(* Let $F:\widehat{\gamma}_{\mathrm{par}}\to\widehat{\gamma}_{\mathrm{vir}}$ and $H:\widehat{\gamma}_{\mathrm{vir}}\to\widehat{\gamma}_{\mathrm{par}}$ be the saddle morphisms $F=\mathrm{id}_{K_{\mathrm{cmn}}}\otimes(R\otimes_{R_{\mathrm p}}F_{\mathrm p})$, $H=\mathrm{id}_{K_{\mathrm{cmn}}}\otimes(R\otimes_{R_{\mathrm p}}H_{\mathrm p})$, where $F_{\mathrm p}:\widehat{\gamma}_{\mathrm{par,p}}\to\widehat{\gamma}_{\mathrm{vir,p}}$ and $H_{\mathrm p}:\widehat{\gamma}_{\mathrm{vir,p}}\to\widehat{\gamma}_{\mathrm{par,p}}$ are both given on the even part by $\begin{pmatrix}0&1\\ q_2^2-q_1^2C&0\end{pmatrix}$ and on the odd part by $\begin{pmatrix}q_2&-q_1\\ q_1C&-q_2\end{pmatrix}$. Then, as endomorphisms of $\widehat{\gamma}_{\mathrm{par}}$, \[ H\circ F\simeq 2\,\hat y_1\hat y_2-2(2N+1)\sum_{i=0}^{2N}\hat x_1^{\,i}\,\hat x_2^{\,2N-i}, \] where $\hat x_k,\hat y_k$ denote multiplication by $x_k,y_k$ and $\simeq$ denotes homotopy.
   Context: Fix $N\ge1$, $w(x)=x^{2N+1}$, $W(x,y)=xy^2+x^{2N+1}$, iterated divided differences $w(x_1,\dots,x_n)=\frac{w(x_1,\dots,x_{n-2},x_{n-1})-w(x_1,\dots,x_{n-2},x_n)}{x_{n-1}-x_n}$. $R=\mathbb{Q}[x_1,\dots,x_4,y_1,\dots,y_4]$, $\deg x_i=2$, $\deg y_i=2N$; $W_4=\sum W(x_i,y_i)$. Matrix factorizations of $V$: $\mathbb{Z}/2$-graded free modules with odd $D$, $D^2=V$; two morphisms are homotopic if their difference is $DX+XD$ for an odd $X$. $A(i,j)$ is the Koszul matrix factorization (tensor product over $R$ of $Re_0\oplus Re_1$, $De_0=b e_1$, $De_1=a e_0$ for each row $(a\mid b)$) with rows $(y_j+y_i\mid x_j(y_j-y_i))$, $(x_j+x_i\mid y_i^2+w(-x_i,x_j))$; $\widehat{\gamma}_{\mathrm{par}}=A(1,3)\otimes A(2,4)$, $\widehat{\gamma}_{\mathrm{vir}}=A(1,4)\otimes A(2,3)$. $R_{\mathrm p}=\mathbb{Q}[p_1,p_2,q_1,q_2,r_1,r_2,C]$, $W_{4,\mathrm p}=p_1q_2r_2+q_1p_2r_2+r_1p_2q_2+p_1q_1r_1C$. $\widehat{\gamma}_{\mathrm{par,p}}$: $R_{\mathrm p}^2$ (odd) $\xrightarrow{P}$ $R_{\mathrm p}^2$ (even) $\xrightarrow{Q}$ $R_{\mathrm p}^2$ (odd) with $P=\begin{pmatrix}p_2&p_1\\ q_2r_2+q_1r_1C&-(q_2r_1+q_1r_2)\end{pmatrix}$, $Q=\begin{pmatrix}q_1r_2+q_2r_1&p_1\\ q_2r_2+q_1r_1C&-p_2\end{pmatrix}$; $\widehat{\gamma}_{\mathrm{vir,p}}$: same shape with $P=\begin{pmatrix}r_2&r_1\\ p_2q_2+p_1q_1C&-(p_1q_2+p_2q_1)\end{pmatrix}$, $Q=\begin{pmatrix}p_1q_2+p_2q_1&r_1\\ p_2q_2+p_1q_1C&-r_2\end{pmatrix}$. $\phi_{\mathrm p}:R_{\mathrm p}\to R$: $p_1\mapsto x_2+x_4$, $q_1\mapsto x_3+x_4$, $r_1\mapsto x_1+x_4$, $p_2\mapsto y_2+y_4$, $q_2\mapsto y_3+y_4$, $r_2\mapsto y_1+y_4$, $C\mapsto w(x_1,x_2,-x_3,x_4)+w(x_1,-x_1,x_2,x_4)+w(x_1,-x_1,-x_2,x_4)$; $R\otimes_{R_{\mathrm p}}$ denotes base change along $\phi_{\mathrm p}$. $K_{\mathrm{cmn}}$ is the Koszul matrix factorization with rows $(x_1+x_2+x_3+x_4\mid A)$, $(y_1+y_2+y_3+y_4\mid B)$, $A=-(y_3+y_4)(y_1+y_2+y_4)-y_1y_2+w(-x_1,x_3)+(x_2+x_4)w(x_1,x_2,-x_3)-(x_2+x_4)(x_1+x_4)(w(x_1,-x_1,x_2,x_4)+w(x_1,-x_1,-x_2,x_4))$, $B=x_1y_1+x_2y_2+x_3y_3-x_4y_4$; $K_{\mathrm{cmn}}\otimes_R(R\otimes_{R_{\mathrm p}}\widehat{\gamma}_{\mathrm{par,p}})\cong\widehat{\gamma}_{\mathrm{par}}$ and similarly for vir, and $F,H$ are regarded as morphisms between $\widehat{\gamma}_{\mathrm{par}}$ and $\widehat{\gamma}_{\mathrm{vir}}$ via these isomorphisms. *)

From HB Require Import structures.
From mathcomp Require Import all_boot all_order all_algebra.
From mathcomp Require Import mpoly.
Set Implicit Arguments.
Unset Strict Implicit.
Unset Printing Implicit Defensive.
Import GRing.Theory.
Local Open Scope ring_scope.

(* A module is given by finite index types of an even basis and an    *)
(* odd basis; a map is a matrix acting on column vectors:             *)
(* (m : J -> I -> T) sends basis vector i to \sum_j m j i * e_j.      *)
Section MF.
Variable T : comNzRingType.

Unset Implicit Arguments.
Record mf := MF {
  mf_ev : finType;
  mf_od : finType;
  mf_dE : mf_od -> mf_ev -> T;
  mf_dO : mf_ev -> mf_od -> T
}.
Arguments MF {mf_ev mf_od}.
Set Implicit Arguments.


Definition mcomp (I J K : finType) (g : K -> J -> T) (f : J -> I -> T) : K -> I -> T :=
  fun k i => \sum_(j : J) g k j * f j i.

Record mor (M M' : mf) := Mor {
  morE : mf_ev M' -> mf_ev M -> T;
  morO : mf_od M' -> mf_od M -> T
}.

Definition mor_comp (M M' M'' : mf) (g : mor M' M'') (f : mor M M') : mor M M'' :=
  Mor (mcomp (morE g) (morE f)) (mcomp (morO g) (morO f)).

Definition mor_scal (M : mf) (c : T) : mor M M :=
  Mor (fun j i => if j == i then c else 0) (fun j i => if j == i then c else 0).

..........

Task statement: Which lines above contain "Arguments"? Show each of them.

Task response:
Set Implicit Arguments.
Unset Implicit Arguments.
Arguments MF {mf_ev mf_od}.
Set Implicit Arguments.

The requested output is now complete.